This module captures resumes from a web UI, performs preprocessing and generates concept hierarchy. The Preprocessing step involves converting the input resumes into a sequence of tokens which are then mapped onto one of the four sections – Personal, Work Experience, Education and Skills. The Skills section is then mapped against the Skills Graph to add context by augmenting them. Augmentation of skills results into extracting hidden meanings and associations between the skills. Each skill, mentioned in the input, is looked up in the graph. If found, all nodes from the specific node to the root of the graph are added as skills, and the resume is thus semantically augmented. For example, suppose a person has mentioned C++ in his resume. When this resume is passed through the skills graph, the system learns that C++ is an object oriented language and a new skill “Object Oriented Programming” is automatically added to his list of skills. This is done for each skill specified in a resume. The resumes are thus semantically enriched. The Concept Hierarchy Generation step involves creating concepts and representing them in the RDF format using Resume-RDF ontology. Python code, incorporating RDFLib , the Python RDF Library for working with RDF, has been implemented to: map the features extracted from the Segmentation step into the Resume class attribute. Consume the Resume-RDF namespace. Convert the resume attributes into RDF-triplets as per the Resume-RDF namespace .Persist the RDF concepts in Sesame triplet store. Sesame from Aduna, is a framework based on Java used for capturing, processing, storing and retrieving RDF data. This is a popular triplet store and supports both in-memory and on-disk mode of storing data.
This module searches for resumes and ranks them. It accepts search criteria from a web UI which are then expanded using the Skills Graph. The expanded search criteria are then fed to an Apache Spark plugin. This plugin: • converts the criteria into a SPARQL query• Submits the query to Sesame Triplet Store and fetches RDF concepts• Iterates over the result and scores each resume. Since skills are semantically enriched in the triplet store; matching of skills yields better results than the normal keyword search.
Initial snapshots demonstrate the working of the Resume Processing module. Working of the Resume Matching module is demonstrated next, by comparing the two methods of searching candidate resumes, viz, keyword search and contextual search. A User Interface is presented to capture various details that comprise a resume. The server runs the Resume Processing module and converts the input resume into Resume-RDF XML triplets. Fig. 3 shows a sample Resume-RDF XML generated by the server for an input resume. The resume, converted into triplets format, is then persisted into the Sesame Triplet Store.
One of the approaches of searching for candidates, given a skills criteria, is to perform keyword search where each skill is matched in the resume text. This method yields accurate results because the match performed is an exact match. For example, if input search criteria is 'C++' then this approach fetches all resumes containing 'C++' in the Skills section. However, this approach is not suitable for context based searches.
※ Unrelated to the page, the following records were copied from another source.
(** * Finite sequences coded as numbers *)

Fixpoint seq_code (l : seq nat) : nat :=
  if l is a :: l' then (cpair a (seq_code l')).+1 else 0.
Definition code_behead w := csnd w.-1.
Definition code_head w := cfst w.-1.
Definition code_has_index w j := iter j code_behead w != 0.
Definition code_nth w j := code_head (iter j code_behead w).
(* Searching the indices below [w] suffices because [size l <= seq_code l]. *)
Definition code_has w (P : nat -> bool) :=
  has_below w (fun j => code_has_index w j && P (code_nth w j)).
Definition code_mem v w := code_has w (fun u => u == v).

Lemma code_behead_cons a l : code_behead (seq_code (a :: l)) = seq_code l.
Proof. by rewrite /code_behead /= csnd_cpair. Qed.
Lemma code_head_cons a l : code_head (seq_code (a :: l)) = a.
Proof. by rewrite /code_head /= cfst_cpair. Qed.
Lemma code_behead0 : code_behead 0 = 0.
Proof. by rewrite /code_behead /= -(csnd_cpair 0 0). Qed.

Lemma iter_code_behead j l : iter j code_behead (seq_code l) = seq_code (drop j l).
Proof.
elim: j l => [|j IH] l; first by rewrite drop0.
rewrite iterSr; case: l => [|a l] /=.
  by rewrite code_behead0; have := IH [::].
by rewrite code_behead_cons IH.
Qed.

Lemma seq_code_eq0 l : (seq_code l == 0) = (l == [::]).
Proof. by case: l. Qed.

Lemma size_le_seq_code l : size l <= seq_code l.
Proof. elim: l => //= a l IH; have := leq_cpair_r a (seq_code l); lia. Qed.

Lemma seq_code_surj w : exists l, seq_code l = w.
Proof.
elim: w {-2}w (leqnn w) => [|n IH] [|w] le_w; try by exists [::].
have [a [r E]] : exists a r, w = cpair a r.
  by exists (cfst w), (csnd w); rewrite cpair_unpair.
have [|l El] := IH r; first by have := leq_cpair_r a r; lia.
by exists (a :: l); rewrite /= El E.
Qed.

Lemma code_has_index_seq_code l j : code_has_index (seq_code l) j = (j < size l).
Proof.
by rewrite /code_has_index iter_code_behead seq_code_eq0 -size_eq0 size_drop subn_eq0 -ltnNge.
Qed.

Lemma code_nth_seq_code l j : j < size l -> code_nth (seq_code l) j = nth 0 l j.
Proof. by rewrite /code_nth iter_code_behead => lt_j; rewrite (drop_nth 0 lt_j) code_head_cons. Qed.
If input search criteria contains “Object Oriented Language” then, all resumes should be fetched where one or more object oriented programming languages are mentioned in the Skills section. In other words, this search should fetch resumes with programming languages such as C++, Java, PHP, Python etc. The keyword based approach fails here because it can't infer the relationship “C++ is an object oriented language”. Graph based search facilitates context based searching. Skills are correlated with each other and a graph is formed from it. Then, this graph is used to expand the skills section of resumes. For each skill mentioned in the resume, a set of correlated skills are retrieved from the graph and added to the Skills list
Big Data, Semantic technologies and Advanced Analytics are the key enablers for progress and innovation. The work presented in this paper leverages semantic constructs for competence management. The system gathers and processes information from resumes and enhances the skills section of resumes using a skills graph. Then, a concept hierarchy is built for each resume and is expressed using RDF-triplets. The concept hierarchies are persisted in Sesame Triplet Store for retrieval during resume matching step. Given a selection criteria, resumes are shortlisted by building SPARQL queries from the given selection criteria. The system performs both exact search and context-based search based on skills. The Apache Spark plugin to match resumes has the capacity to process a large collection of resumes. The work may be extended to verify and validate the proposed system for datasets of Big Data scale. Future work would focus on the application of advanced analytic techniques in the form of machine learning algorithms to realize the model in entirety.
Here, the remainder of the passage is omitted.